┏━━

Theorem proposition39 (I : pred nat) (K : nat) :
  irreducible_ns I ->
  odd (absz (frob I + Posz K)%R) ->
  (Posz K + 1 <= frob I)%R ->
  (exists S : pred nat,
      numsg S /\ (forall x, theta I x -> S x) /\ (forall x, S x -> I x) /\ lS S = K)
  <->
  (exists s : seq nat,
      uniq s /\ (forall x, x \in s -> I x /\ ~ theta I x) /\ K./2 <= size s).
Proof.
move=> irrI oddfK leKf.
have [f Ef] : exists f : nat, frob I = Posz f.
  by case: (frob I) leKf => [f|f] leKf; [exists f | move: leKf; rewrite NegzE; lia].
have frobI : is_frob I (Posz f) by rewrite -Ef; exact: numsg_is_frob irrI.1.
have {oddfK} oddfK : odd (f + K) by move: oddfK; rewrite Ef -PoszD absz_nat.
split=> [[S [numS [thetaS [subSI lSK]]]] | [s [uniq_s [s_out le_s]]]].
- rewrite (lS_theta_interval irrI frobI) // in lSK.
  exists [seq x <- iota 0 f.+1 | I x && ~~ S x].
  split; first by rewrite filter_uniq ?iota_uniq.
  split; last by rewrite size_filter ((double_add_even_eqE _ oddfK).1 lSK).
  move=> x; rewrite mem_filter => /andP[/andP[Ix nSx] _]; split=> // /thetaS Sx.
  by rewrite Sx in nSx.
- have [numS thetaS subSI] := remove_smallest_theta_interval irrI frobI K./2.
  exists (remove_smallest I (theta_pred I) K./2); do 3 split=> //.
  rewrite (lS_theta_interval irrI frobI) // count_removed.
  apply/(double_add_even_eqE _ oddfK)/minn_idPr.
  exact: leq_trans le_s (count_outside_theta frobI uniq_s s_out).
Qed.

┗━━

• _PROBLEM TO SOLVE_
Search the entries for the word "subSI" and gather every line where it appears.

• _TASK RESULT_
split=> [[S [numS [thetaS [subSI lSK]]]] | [s [uniq_s [s_out le_s]]]].
- have [numS thetaS subSI] := remove_smallest_theta_interval irrI frobI K./2.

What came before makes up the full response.